Sorry, I realised that I did not answer all of your questions before. It does work in safe mode but does not work if I restart the computer normally with no internet connection.

I am not quite sure what you mean about terminating processes with a User Name except explorer. I did start to end some processes but it appeared that some were essential and another (lsass.exe I think) caused the computer to re-boot.

I did try out the clean boot troubleshooting that you suggested. When disabling all services explorer works but when I enabled half of the services I hit a userinit.exe - application error (The application failed to initialize properly (0xc0000043)...) and the pc would not start at all. The wife has now told me that she has seen this error before except that it usually continues to start up after encountering it.

Unfortunately I am running out of time because I need to go away for a few days so please do not spend any more time on this. When I get back I will experiment some more with the clean boot troubleshooting and if that does not reveal anything I will re-build.

Thanks for your all help


----------



## Rollin' Rog (Dec 9, 2000)

"User Name" simply means processes that are owned by the logged on user or programs installed by that person. You will see a "user name" after all NON-System processes, including Explorer.


I don't know what's up with the "userinit" error -- you did hide the "microsoft" services before disabling others -- yes?


Try starting in Last Known Good Configuration or in Safe Mode. You may need to choose the built-in Administrator account.

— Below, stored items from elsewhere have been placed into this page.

Definition rel_valid (n g m : nat) (x : relQ) : bool :=
  let: (b, (r, s)) := x in
  if b then
    [&& s < hh n g, validA n g m (Rho r.+1 s), validA n g m (Pi r.+1 (splus n g s)),
        validA n g m (Pi r (splus n g s)) & validA n g m (Rho r (splus n g s))]
  else [&& r == 0, s < hh n g, validA n g m (Rho 0 s) & validA n g m (Pi 0 (splus n g s))].

(* generator of the ideal: a * (u o rel o v), with v : X -> src rel, u : tgt rel -> Y *)
Definition gen_terms (k : nzRingType) (n g : nat)
    (G : k * seq arrowQ * relQ * seq arrowQ) : seq (k * seq arrowQ) :=
  let: (a, v, x, u) := G in
  map (fun t => ((a * t.1)%R, v ++ t.2 ++ u)) (rel_terms k n g x).

Definition gen_valid (k : nzRingType) (n g m : nat) (X Y : nat * nat)
    (G : k * seq arrowQ * relQ * seq arrowQ) : bool :=
  let: (a, v, x, u) := G in
  [&& isPath n g m X (rel_src x) v, rel_valid n g m x & isPath n g m (rel_tgt n g x) Y u].

Definition inIdeal (k : nzRingType) (n g m : nat) (X Y : nat * nat)
    (c : seq (k * seq arrowQ)) : Prop :=
  exists gs : seq (k * seq arrowQ * relQ * seq arrowQ),
    all (@gen_valid k n g m X Y) gs /\
    forall p, coefc c p = coefc (flatten (map (@gen_terms k n g) gs)) p.

From HB Require Import structures.
From mathcomp Require Import all_boot all_order all_algebra.
From mathcomp Require Import zify.
Set Implicit Arguments. Unset Strict Implicit. Unset Printing Implicit Defensive.
Import GRing.Theory.

(* F_oo sends every arrow, hence every path P of Q_m^oo, to a shift map
   e_i |-> e_(i-D), where D = (n+1) * (number of arrows pi(r,0) in P) and the
   range of i depends only on the end points of P.  Conversely, a morphism
   V_(p,q) -> V_(p',q') of representations of K is constant along the diagonals
   i - j = (n+1) w and vanishes on the boundary of its support, so it is a
   combination of shift maps: this gives fullness.  Modulo the relations every
   path is zero or equal to a normal path pi^a rho^b, and the normal paths with
   given end points have pairwise distinct shifts, hence linearly independent
   images: so the kernel of F_oo is exactly the ideal. *)

(** * Arithmetic of the end points *)

Section Period.
Variables n g : nat.
Local Notation h := (hh n g).

Lemma pS_le s : pS n g s <= g + s.
Proof. by rewrite /pS; case: (s =P 0); lia. Qed.

Hypothesis gn : g <= n.

Lemma hh_gt0 : 0 < h.
Proof. rewrite /hh; lia. Qed.

Lemma hh_add : n.+1 = h + g.
Proof. rewrite /hh; lia. Qed.

Lemma qRSE t : qRS n g t = g + t + g * (t %/ h).
Proof. rewrite /qRS {1}hh_add mulnDl; have := divn_eq t h; lia. Qed.

Lemma leq_qRS t t' : (qRS n g t <= qRS n g t') = (t <= t').
Proof.
rewrite !qRSE; apply/idP/idP => [|le_tt']; last by have := leq_div2r h le_tt'; nia.
by apply: contraTT; rewrite -!ltnNge => lt_t't; have := leq_div2r h (ltnW lt_t't); nia.
Qed.

Lemma qRSD t w : qRS n g (t + h * w) = qRS n g t + n.+1 * w.
Proof.
rewrite /qRS [t + _]addnC mulnC modnMDl divnMDl ?hh_gt0 //; lia.
Qed.

Lemma qRS_small s : s < h -> qRS n g s = g + s.
Proof. by move=> lt_sh; rewrite /qRS modn_small // divn_small //; lia. Qed.

Lemma qRS_mod t : g <= qRS n g t %% n.+1.
Proof.
rewrite /qRS addnC mulnC modnMDl modn_small; first lia.
by have := ltn_pmod t hh_gt0; rewrite hh_add; lia.
Qed.

Lemma pS_cases s : s < h -> (pS n g s == 0) || (g < pS n g s <= n).
Proof. by move=> lt_sh; have := hh_add; rewrite /pS; case: (s =P 0) => /=; lia. Qed.

Lemma src_Pi_splus r s : s < h -> srcA n g (Pi r (splus n g s)) = (r.+1, s).
Proof. by move=> lt_sh; rewrite /srcA /splus; case: ifP => //= ?; congr (_, _); lia. Qed.

End Period.

(** * Morphisms between the modules V_(p,q) *)

Section CoefficientMatrices.
Variable k : nzRingType.
Implicit Types (b c : bool) (f : nat -> nat -> k).

Lemma bmatT b : b -> bmat k b = 1%R.
Proof. by move->; apply: mulr1n. Qed.

Lemma bmatF : bmat k false = 0%R.
Proof. exact: mulr0n. Qed.

Lemma bmat_neq0 b : bmat k b != 0%R -> b.
Proof. by case: b; rewrite // /bmat mulr0n eqxx. Qed.

Lemma bmatM b c : (bmat k b * bmat k c)%R = bmat k (b && c).
Proof. by case: b; case: c; rewrite /bmat /= ?mulr1 ?mul0r ?mulr0. Qed.

Lemma bmat_if b c : (if b then bmat k c else 0%R) = bmat k (b && c).
Proof. by case: b. Qed.

Lemma bmat_ifl b c (x : k) : (if b then bmat k c * x else 0)%R = (bmat k (b && c) * x)%R.
Proof. by case: b; rewrite ?mul0r. Qed.

Lemma bmat_ifr b c (x : k) : (if b then x * bmat k c else 0)%R = (x * bmat k (b && c))%R.
Proof. by case: b; rewrite ?mulr0. Qed.

Lemma big_single_seq (I : eqType) (r : seq I) (F : I -> k) i0 :
  uniq r -> (forall i, i != i0 -> F i = 0%R) ->
  (\sum_(i <- r) F i)%R = if i0 \in r then F i0 else 0%R.
Proof.
move=> uniq_r F0; case: ifP => [r_i0 | /negbT r'i0].
  by rewrite (bigD1_seq i0) //= big1 ?addr0.
by rewrite big_seq big1 // => i r_i; apply: F0; apply: contraNneq r'i0 => <-.
Qed.

Lemma big_single_nat lo hi (F : nat -> k) j0 :
  (forall j, j != j0 -> F j = 0%R) ->
  (\sum_(lo <= j < hi) F j)%R = if lo <= j0 < hi then F j0 else 0%R.
Proof. by move=> F0; rewrite (big_single_seq (iota_uniq _ _) F0) mem_index_iota. Qed.

Lemma compc_ext pb qb f1 f1' f2 f2' i l :
  (forall i j, f1 i j = f1' i j) -> (forall i j, f2 i j = f2' i j) ->
  compc pb qb f1 f2 i l = compc pb qb f1' f2' i l.
Proof. by move=> E1 E2; apply: eq_bigr => j _; rewrite E1 E2. Qed.

Lemma compc0 pb qb f i l : compc pb qb f (fun _ _ => 0%R) i l = 0%R.
Proof. by rewrite /compc big1 // => j _; rewrite mulr0. Qed.

Lemma comp0c pb qb f i l : compc pb qb (fun _ _ => 0%R) f i l = 0%R.
Proof. by rewrite /compc big1 // => j _; rewrite mul0r. Qed.

Lemma compcDr pb qb f f1 f2 i l :
  compc pb qb f (fun i j => f1 i j + f2 i j)%R i l
  = (compc pb qb f f1 i l + compc pb qb f f2 i l)%R.
Proof. by rewrite /compc -big_split; apply: eq_bigr => j _; rewrite mulrDr. Qed.

Lemma compcDl pb qb f f1 f2 i l :
  compc pb qb (fun i j => f1 i j + f2 i j)%R f i l
  = (compc pb qb f1 f i l + compc pb qb f2 f i l)%R.
Proof. by rewrite /compc -big_split; apply: eq_bigr => j _; rewrite mulrDl. Qed.

Definition shiftc (lo hi D : nat) : nat -> nat -> k :=
  fun i j => bmat k ((j + D == i) && (lo <= i <= hi)).

Lemma shiftc_empty lo hi D i j : hi < lo -> shiftc lo hi D i j = 0%R.
Proof. by move=> lt_hi_lo; rewrite /shiftc (_ : lo <= i <= hi = false) ?andbF //; lia. Qed.

Lemma compc_shiftc pb qb lo1 hi1 D1 lo2 hi2 D2 i l :
  hi1 <= hi2 + D1 -> hi2 <= qb -> pb <= lo2 ->
  compc pb qb (shiftc lo1 hi1 D1) (shiftc lo2 hi2 D2) i l
  = shiftc (maxn lo1 (lo2 + D1)) hi1 (D1 + D2) i l.
Proof.
move=> hi12 hi2q pblo2; rewrite /compc (@big_single_nat _ _ _ (i - D1)).
  by rewrite /shiftc bmatM bmat_if; congr bmat; lia.
by move=> j /eqP ne; rewrite /shiftc bmatM -[RHS]/(bmat k false); congr bmat; lia.
Qed.

Section RepresentationMaps.
Variables (n p q x : nat).
Local Notation N := n.+1.

Lemma compc_betaMl f i l :
  compc p q (betaM k n p q x) f i l
  = (bmat k [&& p <= i < q & i %% N == x]%N * f i.+1 l)%R.
Proof.
rewrite /compc (@big_single_nat _ _ _ i.+1); last first.
  by move=> j /negbTE ne; rewrite /betaM ne !andbF mul0r.
by rewrite /betaM eqxx andbT bmat_ifl; congr (bmat _ _ * _)%R; lia.
Qed.

Lemma compc_betaMr f i l :
  compc p q f (betaM k n p q x) i l
  = (f i l.-1 * bmat k [&& p < l <= q & l.-1 %% N == x]%N)%R.
Proof.
rewrite /compc (@big_single_nat _ _ _ l.-1); last first.
  by move=> j /eqP ne; rewrite /betaM (_ : l == j.+1 = false) ?andbF ?mulr0 //; lia.
by rewrite /betaM bmat_ifr; congr (_ * bmat _ _)%R; lia.
Qed.

Lemma compc_alphaMl f i l :
  compc p q (alphaM k n p q x) f i l
  = (bmat k [&& p < i <= q & i %% N == x.+1 %% N]%N * f i.-1 l)%R.
Proof.
rewrite /compc (@big_single_nat _ _ _ i.-1); last first.
  by move=> j /negbTE ne; rewrite /alphaM ne !andbF mul0r.
by rewrite /alphaM eqxx andbT bmat_ifl; congr (bmat _ _ * _)%R; lia.
Qed.

Lemma compc_alphaMr f i l :
  compc p q f (alphaM k n p q x) i l
  = (f i l.+1 * bmat k [&& p <= l < q & l.+1 %% N == x.+1 %% N]%N)%R.
Proof.
rewrite /compc (@big_single_nat _ _ _ l.+1); last first.
  move=> j /eqP ne; rewrite /alphaM (_ : (p < j) && (l == j.-1) = false) ?andbF ?mulr0 //.
  lia.
by rewrite /alphaM bmat_ifr; congr (_ * bmat _ _)%R; lia.
Qed.

End RepresentationMaps.
End CoefficientMatrices.

Lemma modnSm m d : (m %% d).+1 %% d = m.+1 %% d.
Proof. by rewrite -addn1 modnDml addn1. Qed.

Lemma modn_subMr N i w : N * w <= i -> (i - N * w) %% N = i %% N.
Proof. by move=> le_i; rewrite -{2}(subnK le_i) addnC mulnC modnMDl. Qed.

Section HomAlgebra.
Variables (k : nzRingType) (n g : nat).
Implicit Types (V W : nat * nat) (f : nat -> nat -> k).

Lemma isHom_ext V W f f' :
  (forall i j, f i j = f' i j) -> isHom n g V W f -> isHom n g V W f'.
Proof.
case: V W => p q [p' q'] E [S [B A]]; split; first by move=> i j; rewrite -E; apply: S.
have E' i j : f' i j = f i j by rewrite E.
by split=> x Hx i l; rewrite (compc_ext _ _ _ _ (fun _ _ => erefl) E')
  (compc_ext _ _ _ _ E' (fun _ _ => erefl)) ?B ?A.
Qed.

Lemma isHom0 V W : isHom n g V W (fun _ _ => 0%R : k).
Proof.
case: V W => p q [p' q']; split=> [i j|]; first by rewrite eqxx.
by split=> x _ i l; rewrite compc0 comp0c.
Qed.

Lemma isHomD V W f1 f2 :
  isHom n g V W f1 -> isHom n g V W f2 -> isHom n g V W (fun i j => f1 i j + f2 i j)%R.
Proof.
case: V W => p q [p' q'] [S1 [B1 A1]] [S2 [B2 A2]]; split.
  move=> i j; case: (eqVneq (f1 i j) 0%R) => [-> | /S1] //.
  by rewrite add0r => /S2.
by split=> x Hx i l; rewrite compcDr compcDl ?B1 ?B2 ?A1 ?A2.
Qed.

End HomAlgebra.

Lemma isHomZ (k : comNzRingType) n g V W (f : nat -> nat -> k) a :
  isHom n g V W f -> isHom n g V W (fun i j => a * f i j)%R.
Proof.
have compcZr pb qb (c : nat -> nat -> k) i l :
    compc pb qb c (fun i j => a * f i j)%R i l = (a * compc pb qb c f i l)%R.
  by rewrite /compc mulr_sumr; apply: eq_bigr => j _; rewrite mulrCA.
have compcZl pb qb (c : nat -> nat -> k) i l :
    compc pb qb (fun i j => a * f i j)%R c i l = (a * compc pb qb f c i l)%R.
  by rewrite /compc mulr_sumr; apply: eq_bigr => j _; rewrite mulrA.
case: V W => p q [p' q'] [S [B A]]; split.
  by move=> i j faij; apply: S; apply: contraNneq faij => ->; rewrite mulr0.
by split=> x Hx i l; rewrite compcZr compcZl ?B ?A.
Qed.

(* The shifts for which [shiftc k (p' + (n+1) w) q ((n+1) w)] is a nonzero
   morphism V_(p,q) -> V_(p',q'). *)
Definition admissible n (V W : nat * nat) w :=
  [&& V.1 <= W.1 + n.+1 * w, W.1 + n.+1 * w <= V.2 & V.2 <= W.2 + n.+1 * w].

Section IntervalHoms.
Variables (k : nzRingType) (n g p q p' q' : nat).
Local Notation N := n.+1.
Implicit Type f : nat -> nat -> k.

Lemma isHomP f : isHom n g (p, q) (p', q') f <->
  [/\ forall i j, f i j != 0%R -> [&& p <= i <= q, p' <= j <= q' & i %% N == j %% N],
      forall x, x < g -> forall i l,
        (bmat k [&& p <= i < q & i %% N == x]%N * f i.+1 l
         = f i l.-1 * bmat k [&& p' < l <= q' & l.-1 %% N == x]%N)%R
    & forall x, g <= x <= n -> forall i l,
        (bmat k [&& p < i <= q & i %% N == x.+1 %% N]%N * f i.-1 l
         = f i l.+1 * bmat k [&& p' <= l < q' & l.+1 %% N == x.+1 %% N]%N)%R].
Proof.
rewrite /isHom; split=> [[S [B A]] | [S B A]].
  split=> // [x lt_xg i l | x le_x i l].
    by rewrite -compc_betaMl -compc_betaMr B.
  by rewrite -compc_alphaMl -compc_alphaMr A.
split=> //; split=> [x lt_xg i l | x le_x i l].
  by rewrite compc_betaMl compc_betaMr B.
by rewrite compc_alphaMl compc_alphaMr A.
Qed.

Lemma below_bottom_mod w i : g <= n -> (p' == 0) || (g < p' <= n) ->
  i.+1 = p' + N * w -> g <= i %% N.
Proof.
move=> gn p'_cases Ei; case/orP: p'_cases => [/eqP p'0 | lt_gp'].
  case: w Ei => [|w] Ei; first lia.
  by rewrite (_ : i = w * N + n) ?modnMDl ?modn_small; lia.
by rewrite (_ : i = w * N + p'.-1) ?modnMDl ?modn_small; lia.
Qed.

Good luck, when you are ready to continue, just PM me.


----------



## JSntgRvr (Jul 1, 2003)

The userinit entry in the registry is an important entry in the logon process. We haven't review that enty.

Download the enclosed folder. Save and extract its content on the *Win2Kquery* folder downloaded earlier. It wont work on the desktop. Once extracted, doubleclick on the Query_2.bat file and post the report it will produce.


----------



## EssenceRare (Aug 2, 2007)

Hi JSntgRvr,

I have run the batch file that you sent to me and the results are listed at the bottom of this post.

One thing that I have noticed is that the 'userinit.exe - Application error' usually occurs if I start the pc but do not enter the Administrator password straight away (i.e. leave it at the log in screen for a couple of minutes). Doing this usually causes this error and sometimes others.

As I mentioned to Rolling Rog earlier I have to go away for a few days so won't be able to work on this so please treat this as low priority or ignore it all together until I back.

Many Thanks  


SteelWerX Registry Console Tool 2.0
Written by Bobbi Flekman 2006 (C)

HKEY_LOCAL_MACHINE\software\microsoft\windows nt\currentversion\winlogon
AutoRestartShell	REG_DWORD 1 (0x1)
DefaultUserName	REG_SZ Administrator
LegalNoticeCaption	REG_SZ 
LegalNoticeText	REG_SZ 
PowerdownAfterShutdown	REG_SZ 0
ReportBootOk	REG_SZ 1
Shell	REG_SZ Explorer.exe
ShutdownWithoutLogon	REG_SZ 1
System	REG_SZ 
Userinit	REG_SZ C:\WINNT\system32\userinit.exe,
VmApplet	REG_SZ rundll32 shell32,Control_RunDLL "sysdm.cpl"
SfcQuota	REG_DWORD -1 (0xffffffff)
allocatecdroms	REG_SZ 0
allocatedasd	REG_SZ 0
allocatefloppies	REG_SZ 0
cachedlogonscount	REG_SZ 10
passwordexpirywarning	REG_DWORD 14 (0xe)
scremoveoption	REG_SZ 0
DebugServerCommand	REG_SZ no
SFCDisable	REG_DWORD 0 (0x0)
ShowLogonOptions	REG_DWORD 1 (0x1)
AltDefaultUserName	REG_SZ Administrator
AltDefaultDomainName	REG_SZ RORAIMA02
AutoAdminLogon	REG_SZ 0
DefaultDomainName	REG_SZ RORAIMA02
BufferPolicyReads	REG_DWORD 1 (0x1)

HKEY_LOCAL_MACHINE\software\microsoft\windows nt\currentversion\winlogon\GPExtensions

HKEY_LOCAL_MACHINE\software\microsoft\windows nt\currentversion\winlogon\Notify


----------



## Rollin' Rog (Dec 9, 2000)

I don't have too much for you at this point in any event except to see why the problem does not occur in Safe Mode.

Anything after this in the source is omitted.